In the material below, find every line containing the string "Hypothesis" and return it.

--------

Lemma g_rel_mem : g_rel n t i x -> g_mem n t i x.
Proof.
have [k_gt0 rk0 r_gt0] := kE_spec n t_gt0.
have [a_le tma_lt a_max] := aE_spec n t i_gt0.
rewrite /g_mem; set k := kE n t in k_gt0 rk0 r_gt0 a_le a_max *.
set a := aE n t i in a_le tma_lt a_max *.
case=> [[j [/andP [lo hi] tmj eqm]] | [b [/andP [lo hi] nmb eqm]]].
  apply/orP; left; apply/existsP.
  have j_lt : j < a.+1.
    case: (leqP j k./2) => j_le; first by have := a_max j j_le tmj; lia.
    by move: hi; rewrite nmS q_after_kE ?mul0n ?addn0; lia.
  by exists (Ordinal j_lt); rewrite /= lo hi eqm.
have b2_lt : (2 * b).+1 < k.
  case: (leqP (2 * b).+2 k) => // lt_k.
  by move: lo hi; rewrite tmS q_after_kE ?mul0n ?addn0; lia.
have ba : b = a.
  have := a_max b ltac:(lia) lo; rewrite leq_eqVlt => /orP [/eqP //|lt_ba].
  by have := leq_tm n t lt_ba; lia.
subst b; apply/orP; right; apply/andP; split; first by apply/eqP; lia.
have rz_gt0 := r_gt0 _ b2_lt.
rewrite (_ : (Posz i - Posz (tm n t a))%R = Posz (i - tm n t a)) ?lprE; try lia.
move: eqm; rewrite eqz_mod_subn; [| lia | lia] => eqm.
apply/eqP; congr Posz.
suff : (i - tm n t a - 1) %% r n t (2 * a).+1 = x - nm n t a.+1 - 1 by lia.
rewrite -(modn_small (_ : x - nm n t a.+1 - 1 < r n t (2 * a).+1)); last first.
  by have := n_nm_rprev n t a.+1; rewrite mulnS rprevS; lia.
by apply/eqP; rewrite -(eqn_modDr 1) !subnK //; lia.
Qed.

End GMembership.

Lemma g_memP n t i x : 0 < i <= t -> 0 < x <= n -> g_mem n t i x <-> g_rel n t i x.
Proof. by move=> /andP [? ?] /andP [? ?]; split; [apply: g_mem_rel | apply: g_rel_mem]. Qed.

Lemma g_mem_low n t i x : 0 < i <= t -> 0 < x <= n %/ t * t ->
  g_mem n t i x = (x == i %[mod t]).
Proof.
move=> i_range x_range; have x_le : x <= n by have := leq_trunc_div n t; lia.
rewrite -nm1 in x_range; apply/idP/idP.
- by move/(g_memP i_range _)/(g_rel_low x_range); apply; lia.
- by move/(g_rel_low x_range _)/(g_memP i_range _); apply; lia.
Qed.

Lemma g_mem_high n t i x : 0 < i <= t -> n %/ t * t < x <= n ->
  g_mem n t i x = g_mem t (n %% t) (x - n %/ t * t) i.
Proof.
move=> i_range x_range; have := divn_eq n t.
have x_gt : nm n t 1 < x by rewrite nm1; case/andP: x_range.
move: x_range; rewrite -(nm1 n t) => x_range nE.
have x_range' : 0 < x - nm n t 1 <= n %% t by lia.
have x_range'' : 0 < x <= n by lia.
apply/idP/idP.
- by move/(g_memP i_range x_range'')/(g_rel_shift _ x_gt)/(g_memP x_range' i_range).
- by move/(g_memP x_range' i_range)/(g_rel_shift _ x_gt)/(g_memP i_range x_range'').
Qed.

Lemma eqn_mod_small m i t : 0 < m <= t -> 0 < i <= t -> (m == i %[mod t]) = (m == i).
Proof.
move=> m_range i_range.
have -> : m = (m - 1) + 1 by lia.
have -> : i = (i - 1) + 1 by lia.
by rewrite eqn_modDr !modn_small ?eqn_add2r; lia.
Qed.

(* Over GF(2), the 0/1 matrix [M i x] (rows i in Y, columns x in X) has independent
   rows ([rows_indep]) and independent columns ([cols_indep]). *)
Definition rows_indep (M : nat -> nat -> bool) (Y X : seq nat) :=
  forall S : pred nat, has S Y ->
    has (fun x => odd (count (fun i => S i && M i x) Y)) X.

Definition cols_indep (M : nat -> nat -> bool) (Y X : seq nat) :=
  forall T : pred nat, has T X ->
    has (fun i => odd (count (fun x => T x && M i x) X)) Y.

Definition nondeg M Y X := rows_indep M Y X /\ cols_indep M Y X.

Lemma nondeg_tr M Y X : nondeg M Y X -> nondeg (fun x i => M i x) X Y.
Proof. by case. Qed.

Lemma nondeg_perm M Y X Y' X' : perm_eq Y Y' -> perm_eq X X' ->
  nondeg M Y X -> nondeg M Y' X'.
Proof.
move=> pY pX [rows cols]; split.
- move=> S; rewrite -(perm_has _ pY) -(perm_has _ pX) => /rows.
  by apply: sub_has => x; rewrite (permP pY).
- move=> T; rewrite -(perm_has _ pY) -(perm_has _ pX) => /cols.
  by apply: sub_has => x; rewrite (permP pX).
Qed.

Lemma nondeg_map M M' f h Y X :
  (forall i x, i \in Y -> x \in X -> M (f i) (h x) = M' i x) ->
  nondeg M' Y X -> nondeg M (map f Y) (map h X).
Proof.
move=> ME [rows cols]; split.
- move=> S; rewrite has_map => /rows /hasP [x xX odd_x]; apply/hasP.
  exists (h x); first exact: map_f.
  by rewrite count_map -(eq_in_count (a1 := fun i => S (f i) && M' i x)) // => i iY /=; rewrite ME.
- move=> T; rewrite has_map => /cols /hasP [i iY odd_i]; apply/hasP.
  exists (f i); first exact: map_f.
  by rewrite count_map -(eq_in_count (a1 := fun x => T (h x) && M' i x)) // => x xX /=; rewrite ME.
Qed.

Lemma nondeg_cat M Y1 Y2 X1 X2 :
  (forall i x, i \in Y1 -> x \in X2 -> M i x = false) ->
  nondeg M Y1 X1 -> nondeg M Y2 X2 -> nondeg M (Y1 ++ Y2) (X1 ++ X2).
Proof.
move=> M0 [rows1 cols1] [rows2 cols2]; split.
- move=> S; rewrite !has_cat; have [S2|S2] := boolP (has S Y2).
    have /hasP [x xX odd_x] := rows2 _ S2.
    move=> _; apply/orP; right; apply/hasP; exists x => //; rewrite count_cat.
    by rewrite (eq_in_count (a2 := pred0)) ?count_pred0 // => i iY; rewrite M0 ?andbF.
  rewrite orbF => /rows1 /hasP [x xX odd_x].
  apply/orP; left; apply/hasP; exists x => //; rewrite count_cat addnC.
  rewrite (eq_in_count (s := Y2) (a2 := pred0)) ?count_pred0 // => i iY.
  by move/hasPn: S2 => /(_ i iY) /negbTE ->.
- move=> T; rewrite !has_cat; have [T1|T1] := boolP (has T X1).
    have /hasP [i iY odd_i] := cols1 _ T1.
    move=> _; apply/orP; left; apply/hasP; exists i => //; rewrite count_cat addnC.
    by rewrite (eq_in_count (s := X2) (a2 := pred0)) ?count_pred0 // => x xX; rewrite M0 ?andbF.
  move=> /= /cols2 /hasP [i iY odd_i].
  apply/orP; right; apply/hasP; exists i => //; rewrite count_cat.
  rewrite (eq_in_count (s := X1) (a2 := pred0)) ?count_pred0 // => x xX.
  by move/hasPn: T1 => /(_ x xX) /negbTE ->.
Qed.

Lemma nondeg_bij M (rho : nat -> nat) Y X :
  uniq Y -> uniq X -> {in X &, injective rho} ->
  (forall x, x \in X -> rho x \in Y) ->
  (forall i, i \in Y -> exists2 x, x \in X & rho x = i) ->
  (forall i x, i \in Y -> x \in X -> M i x = (i == rho x)) -> nondeg M Y X.
Proof.
move=> uY uX inj into onto ME; split.
- move=> S /hasP [i0 i0Y Si0]; have [x0 x0X rho_x0] := onto _ i0Y.
  apply/hasP; exists x0 => //.
  rewrite (eq_in_count (a2 := pred1 i0)) ?count_uniq_mem ?i0Y // => i iY /=.
  by rewrite ME // rho_x0; case: eqP => [->|]; rewrite ?Si0 ?andbF.
- move=> T /hasP [x0 x0X Tx0]; apply/hasP; exists (rho x0); first exact: into.
  rewrite (eq_in_count (a2 := pred1 x0)) ?count_uniq_mem ?x0X // => x xX /=.
  rewrite ME ?into //; have [->|ne] := eqVneq x x0; first by rewrite eqxx Tx0.
  by rewrite andbC; case: eqP => // /esym/(inj _ _ xX x0X) eq_x; rewrite eq_x eqxx in ne.
Qed.

(* For s < n: the positions s+1, ..., s+t of [1, n], read cyclically. *)
Definition wseq n t s :=
  if s + t <= n then iota s.+1 t else iota s.+1 (n - s) ++ iota 1 (s + t - n).

Lemma not_has_mem (s1 s2 : seq nat) : (forall x, x \in s2 -> x \in s1 -> False) ->
  ~~ has (mem s1) s2.
Proof. by move=> s12; apply/hasPn => x /s12 x_nin; apply/negP => /x_nin. Qed.

Ltac solve_uniq :=
  rewrite ?cat_uniq ?iota_uniq ?andbT ?andTb;
  repeat (apply/andP; split);
  rewrite ?cat_uniq ?iota_uniq ?andbT ?andTb //;
  try (apply: not_has_mem => x; rewrite ?mem_cat ?mem_iota; lia).

Ltac solve_perm :=
  apply: uniq_perm; [solve_uniq | solve_uniq |
    move=> x; rewrite ?mem_cat ?mem_iota; lia].

(* An abstract relation shaped like [g_mem n t] with N = (n %/ t) * t and r = n %% t:
   periodic of period t on [1, N], and on the top part (N, n] given by the transpose
   of the relation for (t, r), whose nondegeneracy is assumed in [top_windows] and
   [top_tails]. *)
Section WindowStep.
Variables (M : nat -> nat -> bool) (n t N r : nat).
Hypotheses (t_gt0 : 0 < t) (r_lt : r < t) (t_le_N : t <= N) (nE : n = N + r).
Hypothesis t_dvd_N : t %| N.
Hypothesis M_low : forall i x, 0 < i <= t -> 0 < x <= N -> M i x = (x == i %[mod t]).
Hypothesis M_top : forall i x, 0 < i <= r -> N < x <= n -> M i x = (i == x - N).
Hypothesis top_windows : forall b, b + r <= t -> nondeg M (iota b.+1 r) (iota N.+1 r).
Hypothesis top_tails : forall m, m <= r -> nondeg M (iota (t - m).+1 m) (iota (n - m).+1 m).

--------

*EXPECTED ANSWER:*
Hypothesis t_dvd_N : t %| N.
Hypothesis M_low : forall i x, 0 < i <= t -> 0 < x <= N -> M i x = (x == i %[mod t]).
Hypothesis M_top : forall i x, 0 < i <= r -> N < x <= n -> M i x = (i == x - N).
Hypothesis top_windows : forall b, b + r <= t -> nondeg M (iota b.+1 r) (iota N.+1 r).
Hypothesis top_tails : forall m, m <= r -> nondeg M (iota (t - m).+1 m) (iota (n - m).+1 m).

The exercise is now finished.